Python Unicode handling wins again -- mostly

Sat Nov 30 19:22:28 EST 2013

On Sun, 01 Dec 2013 11:37:30 +1300, Gregory Ewing wrote:

> Which makes it even sillier to have an 'ffi' character in this day and
> age, when you can simply space the characters so that they overlap.

It's in Unicode to support legacy character sets that included it[1]. 
There are a bunch of similar cases:

* LATIN CAPITAL LETTER A WITH RING ABOVE versus ANGSTROM SIGN
* KELVIN SIGN versus LATIN CAPITAL LETTER A
* DEGREE CELSIUS and DEGREE FAHRENHEIT
* the whole set of full-width and half-width forms

On the other hand, there are cases which to a naive reader might look 
like needless duplication but actually aren't. For example, there are a 
bunch of visually indistinguishable characters[2] in European languages, 
like AΑА and BΒВ. The reason for this becomes more obvious[3] when you 
lowercase them:

py> 'AΑА BΒВ'.lower()
'aαа bβв'

Sorting and case-conversion rules would become insanely complicated, and 
context-sensitive, if Unicode only included a single code point per thing-
that-looks-the-same.

The rules for deciding what is and what isn't a distinct character can be 
quite complex, and often politically charged. There's a lot of opposition 
to Unicode in East Asian countries because it unifies Han ideograms that 
look and behave the same in Chinese, Japanese and Korean. The reason they 
do this is for the same reason that Unicode doesn't distinguish between 
(say) English A, German A and French A. One reason some East Asians want 
it to is for the same reason you or I might wish to flag a section of 
text as English and another section of text as German, and have them 
displayed in slightly different typefaces and spell-checked with a 
different dictionary.
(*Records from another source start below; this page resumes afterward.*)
(* An invariant subset is determined by which representatives it contains. *)
Lemma orbit_finite_few_invariant_sets (Q : (U -> Prop) -> Prop) :
  swap_involutive_action act -> swap_orbit_finite -> few_invariants (act_pow act) Q.
Proof.
  intros Hinv Horb S. destruct (Horb S) as [K HK].
  destruct (finite_by_restriction (swap_invariant (act_pow act) S) K [True; False])
    as [l Hl].
  - intros; apply prop_in_bool_list.
  - intros Z1 Z2 H1 H2 Hagree.
    rewrite pow_swap_invariant_iff in H1, H2 by auto.
    apply functional_extensionality; intro x. destruct (HK x) as [y [Hy Hr]].
    apply propositional_extensionality.
    rewrite (swap_reach_invariant_pred S Z1 x y), (swap_reach_invariant_pred S Z2 x y),
      (Hagree y); auto; tauto.
  - exists l. auto.
Qed.

End SwapOrbits.

Section Instances.
Context {Atom : Type} (Hinf : atoms_infinite Atom).

(* Outside S, every atom can be moved to one fixed fresh atom e. *)
Lemma atom_orbit_finite : swap_orbit_finite (@act_atom Atom).
Proof.
  intros S. destruct (Hinf S) as [e He]. exists (e :: S). intros x.
  destruct (classic (In x (e :: S))) as [Hx|Hx].
  - exists x. split; auto. constructor.
  - exists e. split; [simpl; auto|]. apply not_in_cons in Hx as [_ HxS].
    rewrite <- (swap_l x e). exact (reach_step _ _ _ _ _ _ HxS He (reach_refl _ _ _)).
Qed.

Lemma swap_reach_inl {U V : Type} (actU : perm Atom -> U -> U)
    (actV : perm Atom -> V -> V) S x y :
  swap_reach actU S x y -> swap_reach (act_sum actU actV) S (inl x) (inl y).
Proof.
  intros Hr. induction Hr; [constructor|].
  exact (reach_step (act_sum actU actV) S (inl x) a b (inl y) H H0 IHHr).
Qed.

Lemma swap_reach_inr {U V : Type} (actU : perm Atom -> U -> U)
    (actV : perm Atom -> V -> V) S x y :
  swap_reach actV S x y -> swap_reach (act_sum actU actV) S (inr x) (inr y).
Proof.
  intros Hr. induction Hr; [constructor|].
  exact (reach_step (act_sum actU actV) S (inr x) a b (inr y) H H0 IHHr).
Qed.

Lemma sum_orbit_finite {U V : Type} (actU : perm Atom -> U -> U)
    (actV : perm Atom -> V -> V) :
  swap_orbit_finite actU -> swap_orbit_finite actV ->
  swap_orbit_finite (act_sum actU actV).
Proof.
  intros HU HV S. destruct (HU S) as [KU HKU], (HV S) as [KV HKV].
  exists (map inl KU ++ map inr KV). intros [x|x].
  - destruct (HKU x) as [y [Hy Hr]]. exists (inl y).
    split; [apply in_or_app; left; apply in_map; auto|apply swap_reach_inl; auto].
  - destruct (HKV x) as [y [Hy Hr]]. exists (inr y).
    split; [apply in_or_app; right; apply in_map; auto|apply swap_reach_inr; auto].
Qed.

Lemma act_pair_transp (a b x y : Atom) :
  act_prod (@act_atom Atom) (@act_atom Atom) (transp a b) (x, y) = (swap a b x, swap a b y).
Proof. reflexivity. Qed.

(* With two fresh atoms e, e', a pair is moved first to (e, _), then its
   second component into e :: e' :: S, using a fresh atom distinct from the
   (now fixed) first component. *)
Lemma atom_pair_orbit_finite :
  swap_orbit_finite (act_prod (@act_atom Atom) (@act_atom Atom)).
Proof.
  intros S. destruct (Hinf S) as [e He]. destruct (Hinf (e :: S)) as [e' He'].
  apply not_in_cons in He' as [He'e He']. set (K := e :: e' :: S).
  assert (Hsecond : forall z x y, In x K ->
    swap_reach (act_prod (@act_atom Atom) (@act_atom Atom)) S z (x, y) ->
    exists y', In y' K /\ swap_reach (act_prod (@act_atom Atom) (@act_atom Atom)) S z (x, y')).
  { intros z x y Hx Hr. destruct (classic (In y K)) as [Hy|Hy]; [eauto|].
    set (c := if eq_atom_dec x e then e' else e).
    assert (Hc : In c K /\ c <> x /\ ~ In c S)
      by (unfold c; destruct (eq_atom_dec x e) as [->|]; unfold K; simpl; auto).
    destruct Hc as [HcK [Hcx HcS]].
    assert (HyS : ~ In y S) by (intro; apply Hy; unfold K; simpl; auto).
    assert (Hxy : x <> y) by (intro; subst; auto).
    exists c. split; auto.
    pose proof (reach_step _ _ _ y c _ HyS HcS Hr) as Hr'.
    rewrite act_pair_transp, swap_l, swap_other in Hr'; auto. }
  exists (list_prod K K). intros [x y].
  assert (Hfirst : exists x' y1, In x' K /\
    swap_reach (act_prod (@act_atom Atom) (@act_atom Atom)) S (x, y) (x', y1)).
  { destruct (classic (In x K)) as [Hx|Hx].
    - exists x, y. split; auto. constructor.
    - assert (HxS : ~ In x S) by (intro; apply Hx; unfold K; simpl; auto).
      exists e, (swap x e y). split; [unfold K; simpl; auto|].
      pose proof (reach_step (act_prod (@act_atom Atom) (@act_atom Atom)) S (x, y)
                    x e (x, y) HxS He (reach_refl _ _ _)) as Hr.
      rewrite act_pair_transp, swap_l in Hr. exact Hr. }
  destruct Hfirst as [x' [y1 [Hx' Hr]]].
  destruct (Hsecond _ _ _ Hx' Hr) as [y' [Hy' Hr']].
  exists (x', y'). split; auto. apply in_prod; auto.
Qed.

(* An invariant injective tuple has all its entries in S (an entry y outside S
   would be moved to a fresh atom by (y c)), hence is a repetition-free list
   over S. *)
Lemma injective_tuples_few_invariants :
  few_invariants (act_list (@act_atom Atom)) (@Tfin Atom).
Proof.
  intros S. exists (flat_map (tuples S) (seq 0 (Datatypes.S (length S)))).
  intros t Hnodup Ht.
  assert (Hentries : incl t S).
  { intros y Hy. apply NNPP; intro HyS.
    destruct (Hinf (S ++ t)) as [c Hc]. apply not_in_app in Hc as [HcS Hct].
    apply Hct. rewrite <- (Ht y c HyS HcS). apply in_map_iff.
    exists y. split; auto. apply swap_l. }
  apply in_flat_map. exists (length t). split.
  - apply in_seq. split; [apply le_0_n|].
    apply PeanoNat.Nat.lt_succ_r, NoDup_incl_length; auto.
  - apply tuples_complete; auto.
Qed.

Lemma fun_swap_invariant_at {V : Type} (actV : perm Atom -> V -> V) S f a b :
  swap_invariant (act_fun (@act_atom Atom) actV) S f -> ~ In a S -> ~ In b S ->
  forall x, actV (transp a b) (f (swap a b x)) = f x.
Proof. intros Hf Ha Hb x. exact (f_equal (fun g => g x) (Hf a b Ha Hb)). Qed.

(* An S-invariant function A -> V is determined by its values on e :: S for a
   fresh e (elsewhere f x = (x e).f(e)), and each such value f r is
   (e :: S)-invariant in V. *)
Lemma fs_functions_few_invariants {V : Type} (actV : perm Atom -> V -> V)
    (Y : V -> Prop) :
  few_invariants actV Y ->
  few_invariants (act_fun (@act_atom Atom) actV) (FunFS (@act_atom Atom) actV Y).
Proof.
  intros Hfew S. destruct (Hinf S) as [e He]. destruct (Hfew (e :: S)) as [vals Hvals].
  destruct (finite_by_restriction
              (fun f => FunFS (@act_atom Atom) actV Y f /\
                        swap_invariant (act_fun (@act_atom Atom) actV) S f)
              (e :: S) vals) as [l Hl].
  - intros f [[HY _] Hf] r Hr. apply Hvals; auto. intros a b Ha Hb.
    assert (Hra : r <> a) by (intro; subst; auto).
    assert (Hrb : r <> b) by (intro; subst; auto).
    apply not_in_cons in Ha as [_ HaS]. apply not_in_cons in Hb as [_ HbS].
    rewrite <- (fun_swap_invariant_at actV S f a b Hf HaS HbS r) at 2.
    rewrite swap_other; auto.
  - intros f g [_ Hf] [_ Hg] Hagree. apply functional_extensionality; intro x.
    destruct (classic (In x (e :: S))) as [Hx|Hx]; auto.
    apply not_in_cons in Hx as [_ HxS].
    rewrite <- (fun_swap_invariant_at actV S f x e Hf HxS He x),
      <- (fun_swap_invariant_at actV S g x e Hg HxS He x), swap_l, Hagree;
      simpl; auto.
  - exists l. intros f Hf Hinv. apply Hl; auto.
Qed.

Lemma supports_mono {U : Type} (act : perm Atom -> U -> U) S S' (x : U) :
  supports act S x -> incl S S' -> supports act S' x.
Proof. intros H Hincl p Hp. apply H. intros a Ha. apply Hp, Hincl; auto. Qed.

Lemma common_support {U : Type} (act : perm Atom -> U -> U) (G : U -> Prop) :
  finite_set G -> (forall x, G x -> fsupp act x) ->
  exists T, forall x, G x -> supports act T x.
Proof.
  intros [lg Hlg] Hfs.
  assert (Hlist : forall l, exists T, forall x, In x l -> G x -> supports act T x).
  { induction l as [|h t [T HT]]; [exists []; intros x []|].
    destruct (classic (G h)) as [Gh|nGh].
    - destruct (Hfs h Gh) as [Th HTh]. exists (Th ++ T).
      intros x [<-|Hx] Gx; eapply supports_mono; eauto; intros y Hy; apply in_or_app; auto.
    - exists T. intros x [<-|Hx] Gx; [contradiction|auto]. }
  destruct (Hlist lg) as [T HT]. exists T. auto.
Qed.

Lemma supported_set_swap T (W : Atom -> Prop) u v :
  supports (act_pow (@act_atom Atom)) T W -> ~ In u T -> ~ In v T -> (W u <-> W v).
Proof.
  intros HW Hu Hv.
  pose proof (act_pow_transp (@act_atom Atom) u v W u swap_involutive_atom) as K.
  rewrite (HW _ (transp_fixes T u v Hu Hv)) in K. unfold act_atom in K; simpl in K.
  rewrite swap_l in K. exact K.
Qed.

(* For a outside S and fresh c, d, e: the member
   (a c).Z contains c iff Z contains a, and d iff Z contains d; as c, d are
   outside T this gives Z a <-> Z d <-> Z e.  So Z is constant outside S. *)
Lemma invariant_family_members (S T : list Atom) (G : (Atom -> Prop) -> Prop) :
  (forall Z, G Z -> supports (act_pow (@act_atom Atom)) T Z) ->
  swap_invariant (act_pow (act_pow (@act_atom Atom))) S G ->
  forall Z, G Z -> swap_invariant (act_pow (@act_atom Atom)) S Z.
Proof.
  intros HT HG Z HZ.
  assert (Hmove : forall a b, ~ In a S -> ~ In b S -> G (act_pow (@act_atom Atom) (transp a b) Z)).
  { intros a b Ha Hb. rewrite <- (HG a b Ha Hb).
    apply act_pow_transp; [apply swap_involutive_pow, swap_involutive_atom|].
    rewrite swap_involutive_pow by apply swap_involutive_atom. exact HZ. }
  destruct (Hinf (S ++ T)) as [e He]. apply not_in_app in He as [HeS HeT].
  assert (Hconst : forall a, ~ In a S -> (Z a <-> Z e)).
  { intros a Ha.
    destruct (Hinf (a :: S ++ T)) as [c Hc].
    apply not_in_cons in Hc as [Hca Hc]. apply not_in_app in Hc as [HcS HcT].
    destruct (Hinf (a :: c :: T)) as [d Hd].
    apply not_in_cons in Hd as [Hda Hd]. apply not_in_cons in Hd as [Hdc HdT].
    set (Z' := act_pow (@act_atom Atom) (transp a c) Z).
    assert (Hc' : Z' c <-> Z a).
    { unfold Z'. rewrite act_pow_transp by apply swap_involutive_atom.
      unfold act_atom; simpl. rewrite swap_r. tauto. }
    assert (Hd' : Z' d <-> Z d).
    { unfold Z'. rewrite act_pow_transp by apply swap_involutive_atom.
      unfold act_atom; simpl. rewrite swap_other by auto. tauto. }
    pose proof (supported_set_swap T Z' c d (HT Z' (Hmove a c Ha HcS)) HcT HdT).
    pose proof (supported_set_swap T Z d e (HT Z HZ) HdT HeT).
    tauto. }
  apply pow_swap_invariant_iff; [apply swap_involutive_atom|].
  intros a b Ha Hb x. unfold act_atom; simpl.
  destruct (eq_atom_dec x a) as [->|Hxa].
  { rewrite swap_l, (Hconst a), (Hconst b); tauto. }
  destruct (eq_atom_dec x b) as [->|Hxb].
  { rewrite swap_r, (Hconst a), (Hconst b); tauto. }
  rewrite swap_other; tauto.
Qed.
(* Consider a feasible solution of a division and assignment problem $(T; \{U_1,\dots,U_p\}, V)$ in which $V$ has $v$ columns, together with a value-preserving bijection between the entry positions of $T$ and the entry positions of $U_1,\dots,U_p,V$. If $(A,B)$ is an inseparable $(T,V)$-pair with $a = |A|$ and $b = |B|$, then $a \le (v-1)b + 1$.
   Context: A division and assignment problem $(T;\{U_1,\dots,U_p\},V)$ consists of matrices $T$ (supply matrix) and $U_1,\dots,U_p,V$ (demand matrices), each with prescribed dimensions and prescribed common row sum per matrix; a feasible solution fills all matrices with real numbers so that all row sums are met and the multiset of entries of $T$ equals the multiset union of the entries of $U_1,\dots,U_p,V$. Fix such a solution together with a bijection $\phi$ from the entry positions of $U_1,\dots,U_p,V$ onto the entry positions of $T$ preserving values; an entry of $V$ is said to lie in the row of $T$ containing its image under $\phi$. A $(T,V)$-pair is a pair $(A,B)$ where $A$ is a set of rows of $T$ and $B$ is a set of rows of $V$ such that every entry of every row in $B$ lies in a row of $A$, and every row of $A$ contains at least one entry of a row of $B$. A $(T,V)$-pair $(A,B)$ is inseparable if there do not exist $(T,V)$-pairs $(A_1,B_1)$ and $(A_2,B_2)$ with $A_1\cap A_2=\emptyset$, $A_1\cup A_2=A$, $B_1\cap B_2=\emptyset$, $B_1\cup B_2 = B$. *)

From mathcomp Require Import all_boot all_order all_algebra.
Set Implicit Arguments. Unset Strict Implicit. Unset Printing Implicit Defensive.
Import GRing.Theory Num.Theory.
Local Open Scope ring_scope.

(* Entry positions of the demand matrices U_1..U_p (U_k of size mU k x nU k)
   and V (size mV x v): a position is either (k, (i, j)) in some U_k,
   or (i, j) in V. *)
Definition demand_pos (p : nat) (mU nU : 'I_p -> nat) (mV v : nat) : finType :=
  ({k : 'I_p & ('I_(mU k) * 'I_(nU k))%type} + ('I_mV * 'I_v))%type.

Definition demand_val (R : Type) (p : nat) (mU nU : 'I_p -> nat) (mV v : nat)
  (U : forall k : 'I_p, 'M[R]_(mU k, nU k)) (V : 'M[R]_(mV, v))
  (d : demand_pos mU nU mV v) : R :=
  match d with
  | inl s => U (tag s) (tagged s).1 (tagged s).2
  | inr ij => V ij.1 ij.2
  end.

Definition Vrow_in_T (p : nat) (mU nU : 'I_p -> nat) (mV v mT nT : nat)
  (phi : demand_pos mU nU mV v -> ('I_mT * 'I_nT)%type)
  (r : 'I_mV) (c : 'I_v) : 'I_mT :=
  (phi (inr (r, c))).1.

Definition TVpair (p : nat) (mU nU : 'I_p -> nat) (mV v mT nT : nat)
  (phi : demand_pos mU nU mV v -> ('I_mT * 'I_nT)%type)
  (A : {set 'I_mT}) (B : {set 'I_mV}) : Prop :=
  (forall r, r \in B -> forall c : 'I_v, Vrow_in_T phi r c \in A) /\
  (forall a, a \in A -> exists r, exists c : 'I_v, r \in B /\ Vrow_in_T phi r c = a).

Definition inseparable (p : nat) (mU nU : 'I_p -> nat) (mV v mT nT : nat)
  (phi : demand_pos mU nU mV v -> ('I_mT * 'I_nT)%type)
  (A : {set 'I_mT}) (B : {set 'I_mV}) : Prop :=
  ~ exists (A1 A2 : {set 'I_mT}) (B1 B2 : {set 'I_mV}),
      [/\ TVpair phi A1 B1, TVpair phi A2 B2,
          (A1 != set0) || (B1 != set0), (A2 != set0) || (B2 != set0) &
          [/\ A1 :&: A2 = set0, A1 :|: A2 = A, B1 :&: B2 = set0 & B1 :|: B2 = B]].

Definition feasible (R : ringType) (p : nat) (mU nU : 'I_p -> nat) (mV v mT nT : nat)
  (T : 'M[R]_(mT, nT)) (t : R)
  (U : forall k : 'I_p, 'M[R]_(mU k, nU k)) (u : 'I_p -> R)
  (V : 'M[R]_(mV, v)) (sv : R) : Prop :=
  (forall i, \sum_j T i j = t) /\
  (forall k i, \sum_j U k i j = u k) /\
  (forall i, \sum_j V i j = sv).

From mathcomp Require Import all_boot all_order all_algebra.
From mathcomp Require Import zify.

Set Implicit Arguments.
Unset Strict Implicit.
Unset Printing Implicit Defensive.

(* Grow a subset S of B one row at a time.  Inseparability guarantees that
   some row of B outside S has an entry in a row of T already reached by S,
   so each new row of V reaches at most v - 1 new rows of T.  Only the
   incidence map (r, c) |-> row of T containing V r c matters: feasibility
   and the values carried by phi play no role. *)

Section Neighbourhood.
Variables (I C K : finType) (f : I -> C -> K).
Implicit Types (S B : {set I}) (r : I) (c : C) (a : K).

Definition nbhd S : {set K} := f @2: (S, [set: C]).

Definition linked B : Prop :=
  forall S, S != set0 -> S \proper B ->
  [exists r in B :\: S, exists c, f r c \in nbhd S].

Lemma nbhdP S a : reflect (exists r c, r \in S /\ f r c = a) (a \in nbhd S).
Proof.
apply: (iffP imset2P) => [[r c rS _ ->] | [r [c [rS <-]]]]; first by exists r, c.
by exists r c; rewrite ?inE.
Qed.

Lemma nbhd_f S r c : r \in S -> f r c \in nbhd S.
Proof. by move=> rS; apply/nbhdP; exists r, c. Qed.

Lemma nbhd0 : nbhd set0 = set0.
Proof. by apply/setP=> a; rewrite inE; apply/nbhdP=> [[r [c []]]]; rewrite inE. Qed.

Lemma nbhdU S1 S2 : nbhd (S1 :|: S2) = nbhd S1 :|: nbhd S2.
Proof. exact: imset2Ul. Qed.

Lemma card_nbhd1 r : (#|nbhd [set r]| <= #|C|)%N.
Proof. by rewrite /nbhd imset2_set1l -cardsT leq_imset_card. Qed.

Lemma card_nbhdU1 S r c :
  r \notin S -> f r c \in nbhd S ->
  (#|nbhd S| <= (#|C| - 1) * #|S| + 1)%N ->
  (#|nbhd (r |: S)| <= (#|C| - 1) * #|r |: S| + 1)%N.
Proof.
move=> rS frc_S bound_S; rewrite nbhdU cardsU1 rS.
have meet : (0 < #|nbhd [set r] :&: nbhd S|)%N.
  by rewrite card_gt0; apply/set0Pn; exists (f r c); rewrite inE nbhd_f ?set11.
have := cardsUI (nbhd [set r]) (nbhd S); have := card_nbhd1 r; nia.
Qed.

Lemma linked_grow B k : linked B -> (k < #|B|)%N ->
  exists2 S : {set I}, S \subset B & #|S| = k.+1 /\ (#|nbhd S| <= (#|C| - 1) * #|S| + 1)%N.
Proof.
move=> linkB; elim: k => [|k IH] ltkB.
  have [r rB] : exists r, r \in B by apply/set0Pn; rewrite -card_gt0.
  exists [set r]; first by rewrite sub1set.
  by rewrite cards1; have := card_nbhd1 r; split=> //; lia.
have [S sSB [cardS bound_S]] := IH (ltnW ltkB).
have S_neq0 : S != set0 by rewrite -card_gt0 cardS.
have ltSB : S \proper B by rewrite properEcard sSB cardS.
have /exists_inP [r /setDP [rB rS] /existsP [c frc_S]] := linkB S S_neq0 ltSB.
exists (r |: S); first by rewrite subUset sub1set rB.
by split; [rewrite cardsU1 rS cardS | apply: card_nbhdU1 frc_S bound_S].
Qed.

Lemma linked_card_nbhd B : linked B -> (#|nbhd B| <= (#|C| - 1) * #|B| + 1)%N.
Proof.
move=> linkB; have [->|B_neq0] := eqVneq B set0; first by rewrite nbhd0 !cards0.
have ltB : (#|B|.-1 < #|B|)%N by rewrite prednK ?card_gt0.
have [S sSB [cardS bound_S]] := linked_grow linkB ltB.
have <- // : S = B.
by apply/eqP; rewrite eqEcard sSB cardS prednK ?card_gt0 ?leqnn.
Qed.

End Neighbourhood.

Section TVpairs.
Variables (p : nat) (mU nU : 'I_p -> nat) (mV v mT nT : nat)
  (phi : demand_pos mU nU mV v -> ('I_mT * 'I_nT)%type).
Local Notation f := (Vrow_in_T phi).

Lemma TVpairE A B : TVpair phi A B <-> nbhd f B = A.
Proof.
split=> [[inA onA] | <-].
  apply/setP=> a; apply/nbhdP/idP=> [[r [c [rB <-]]] | /onA]; first exact: inA.
  by move=> [r [c [rB fa]]]; exists r, c.
by split=> [r rB c | a /nbhdP]; first exact: nbhd_f.
Qed.

Lemma inseparable_linked A B :
  TVpair phi A B -> inseparable phi A B -> linked f B.
Proof.
move=> /TVpairE nbhdB insep S S_neq0 ltSB.
have [sSB [b bB bS]] := properP ltSB.
apply: contra_notT insep => /exists_inPn isolated.
have BSK : S :|: B :\: S = B by rewrite -{1}(setIidPr sSB) setID.
exists (nbhd f S), (nbhd f (B :\: S)), S, (B :\: S); split.
- exact/TVpairE.
- exact/TVpairE.
- by rewrite S_neq0 orbT.
- by apply/orP; right; apply/set0Pn; exists b; rewrite inE bS.
- split.
  + apply/setP=> a; rewrite !inE; apply/andP=> [[/nbhdP [s [c [sS <-]]]]].
    move=> /nbhdP [r [d [rBS frd]]].
    by move/existsPn: (isolated r rBS) => /(_ d); rewrite frd nbhd_f.
  + by rewrite -nbhdU BSK.
  + by apply/setP=> x; rewrite !inE; case: (x \in S); rewrite ?andbF.
  + exact: BSK.
Qed.

End TVpairs.

Theorem lemma3 (R : realFieldType)
  (mT nT : nat) (T : 'M[R]_(mT, nT)) (t : R)
  (p : nat) (mU nU : 'I_p -> nat) (U : forall k : 'I_p, 'M[R]_(mU k, nU k))
  (u : 'I_p -> R)
  (mV v : nat) (V : 'M[R]_(mV, v)) (sv : R)
  (Hfeas : feasible T t U u V sv)
  (phi : demand_pos mU nU mV v -> ('I_mT * 'I_nT)%type)
  (Hbij : bijective phi)
  (Hval : forall d, demand_val U V d = T (phi d).1 (phi d).2)
  (A : {set 'I_mT}) (B : {set 'I_mV})
  (Hpair : TVpair phi A B) (Hins : inseparable phi A B) :
  (#|A| <= (v - 1) * #|B| + 1)%N.
Proof.
have := linked_card_nbhd (inseparable_linked Hpair Hins).
by rewrite (TVpairE phi A B).1 // card_ord.
Qed.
The Unicode Consortium's answer to that is, this is 
beyond the remit of the character set, and is best handled by markup or 
higher-level formatting.

(Another reason for opposing Han unification is, let's be frank, pure 
nationalism.)

[1] As far as I can tell, the only character supported by legacy 
character sets which is not included in Unicode is the Apple logo from 
Mac charsets.

[2] The actual glyphs depends on the typeface used.

[3] Again, modulo the typeface you're using to view them.

-- 
Steven